*EXERCISE*
Each line of the data below from the one holding "(zs : list Z)" to the one holding "Lemma exp_le_quadratic x", inclusive, is to be reproduced exactly; no other line belongs in the answer.

:: PROVIDED MATERIAL ::

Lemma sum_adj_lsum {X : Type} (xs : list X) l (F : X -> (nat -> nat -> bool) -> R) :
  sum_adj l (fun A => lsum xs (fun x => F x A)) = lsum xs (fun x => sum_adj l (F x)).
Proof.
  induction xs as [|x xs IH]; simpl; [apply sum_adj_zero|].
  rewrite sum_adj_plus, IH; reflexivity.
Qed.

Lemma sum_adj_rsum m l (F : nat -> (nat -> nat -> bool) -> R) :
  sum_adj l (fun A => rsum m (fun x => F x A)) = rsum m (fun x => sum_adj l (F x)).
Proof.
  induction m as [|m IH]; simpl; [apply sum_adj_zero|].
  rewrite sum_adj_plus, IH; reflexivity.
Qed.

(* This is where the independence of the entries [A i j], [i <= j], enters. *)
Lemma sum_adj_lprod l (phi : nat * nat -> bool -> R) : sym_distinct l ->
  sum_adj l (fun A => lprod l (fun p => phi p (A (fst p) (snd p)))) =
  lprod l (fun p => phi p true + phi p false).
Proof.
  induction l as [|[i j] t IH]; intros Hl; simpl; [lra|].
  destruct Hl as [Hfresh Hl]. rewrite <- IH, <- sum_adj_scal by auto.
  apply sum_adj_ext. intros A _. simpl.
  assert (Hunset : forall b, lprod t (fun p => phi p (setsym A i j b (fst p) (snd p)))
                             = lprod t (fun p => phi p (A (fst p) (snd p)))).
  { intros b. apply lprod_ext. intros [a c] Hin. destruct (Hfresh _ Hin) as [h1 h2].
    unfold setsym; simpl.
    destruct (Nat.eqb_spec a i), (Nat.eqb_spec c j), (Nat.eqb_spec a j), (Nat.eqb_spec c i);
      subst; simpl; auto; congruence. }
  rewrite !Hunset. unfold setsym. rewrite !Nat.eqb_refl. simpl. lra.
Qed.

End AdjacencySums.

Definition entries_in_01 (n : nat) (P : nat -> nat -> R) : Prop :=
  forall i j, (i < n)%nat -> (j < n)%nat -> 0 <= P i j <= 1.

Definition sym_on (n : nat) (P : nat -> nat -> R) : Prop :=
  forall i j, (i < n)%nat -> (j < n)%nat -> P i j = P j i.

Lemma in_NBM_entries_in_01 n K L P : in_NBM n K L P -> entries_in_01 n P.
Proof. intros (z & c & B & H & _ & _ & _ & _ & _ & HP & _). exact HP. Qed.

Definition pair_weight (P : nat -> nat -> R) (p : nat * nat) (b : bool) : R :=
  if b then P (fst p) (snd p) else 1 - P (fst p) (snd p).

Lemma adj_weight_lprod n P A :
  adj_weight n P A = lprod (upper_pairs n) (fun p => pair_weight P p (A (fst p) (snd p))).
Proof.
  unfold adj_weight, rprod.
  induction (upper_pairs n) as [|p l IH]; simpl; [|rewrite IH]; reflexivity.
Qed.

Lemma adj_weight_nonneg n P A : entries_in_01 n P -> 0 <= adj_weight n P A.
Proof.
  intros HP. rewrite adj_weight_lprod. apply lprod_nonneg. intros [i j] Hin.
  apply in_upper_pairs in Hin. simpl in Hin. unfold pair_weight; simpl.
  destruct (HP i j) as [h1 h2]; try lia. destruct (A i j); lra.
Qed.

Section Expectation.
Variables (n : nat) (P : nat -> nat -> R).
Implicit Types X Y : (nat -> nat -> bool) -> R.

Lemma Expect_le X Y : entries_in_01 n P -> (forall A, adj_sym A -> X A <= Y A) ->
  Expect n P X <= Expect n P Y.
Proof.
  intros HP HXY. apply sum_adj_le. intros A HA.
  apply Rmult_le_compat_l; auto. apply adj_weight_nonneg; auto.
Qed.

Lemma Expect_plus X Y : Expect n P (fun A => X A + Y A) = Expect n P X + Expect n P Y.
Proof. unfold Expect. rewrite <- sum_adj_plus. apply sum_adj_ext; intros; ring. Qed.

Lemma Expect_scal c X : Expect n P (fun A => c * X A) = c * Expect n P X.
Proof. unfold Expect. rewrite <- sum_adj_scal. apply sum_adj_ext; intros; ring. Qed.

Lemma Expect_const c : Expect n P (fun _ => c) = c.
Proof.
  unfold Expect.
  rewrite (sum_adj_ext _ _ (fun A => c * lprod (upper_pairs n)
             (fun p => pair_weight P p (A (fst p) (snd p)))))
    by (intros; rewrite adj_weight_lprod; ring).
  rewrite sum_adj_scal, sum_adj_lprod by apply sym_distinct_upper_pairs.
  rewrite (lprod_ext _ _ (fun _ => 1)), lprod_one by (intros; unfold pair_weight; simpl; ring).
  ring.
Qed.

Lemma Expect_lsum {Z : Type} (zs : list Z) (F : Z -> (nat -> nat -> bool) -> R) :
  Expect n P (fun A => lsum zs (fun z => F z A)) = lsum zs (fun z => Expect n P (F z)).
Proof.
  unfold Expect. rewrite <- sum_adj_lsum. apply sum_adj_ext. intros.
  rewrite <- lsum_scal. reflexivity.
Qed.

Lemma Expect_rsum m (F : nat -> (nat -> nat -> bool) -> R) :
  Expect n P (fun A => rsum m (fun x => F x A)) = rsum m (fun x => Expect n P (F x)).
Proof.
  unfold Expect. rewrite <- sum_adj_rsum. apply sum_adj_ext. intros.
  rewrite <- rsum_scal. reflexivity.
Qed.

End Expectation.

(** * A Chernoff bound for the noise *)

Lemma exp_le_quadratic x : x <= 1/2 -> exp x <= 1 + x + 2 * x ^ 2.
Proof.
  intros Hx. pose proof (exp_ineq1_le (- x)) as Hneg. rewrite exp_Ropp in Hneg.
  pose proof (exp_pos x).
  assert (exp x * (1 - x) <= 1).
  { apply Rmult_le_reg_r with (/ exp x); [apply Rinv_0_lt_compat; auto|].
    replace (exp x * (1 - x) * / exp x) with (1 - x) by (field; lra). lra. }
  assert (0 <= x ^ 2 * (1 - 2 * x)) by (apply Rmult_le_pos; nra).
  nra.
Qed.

:::

*SOLUTION FOR THIS EXERCISE*
Lemma Expect_lsum {Z : Type} (zs : list Z) (F : Z -> (nat -> nat -> bool) -> R) :
  Expect n P (fun A => lsum zs (fun z => F z A)) = lsum zs (fun z => Expect n P (F z)).
Proof.
  unfold Expect. rewrite <- sum_adj_lsum. apply sum_adj_ext. intros.
  rewrite <- lsum_scal. reflexivity.
Qed.

Lemma Expect_rsum m (F : nat -> (nat -> nat -> bool) -> R) :
  Expect n P (fun A => rsum m (fun x => F x A)) = rsum m (fun x => Expect n P (F x)).
Proof.
  unfold Expect. rewrite <- sum_adj_rsum. apply sum_adj_ext. intros.
  rewrite <- rsum_scal. reflexivity.
Qed.

End Expectation.

(** * A Chernoff bound for the noise *)

Lemma exp_le_quadratic x : x <= 1/2 -> exp x <= 1 + x + 2 * x ^ 2.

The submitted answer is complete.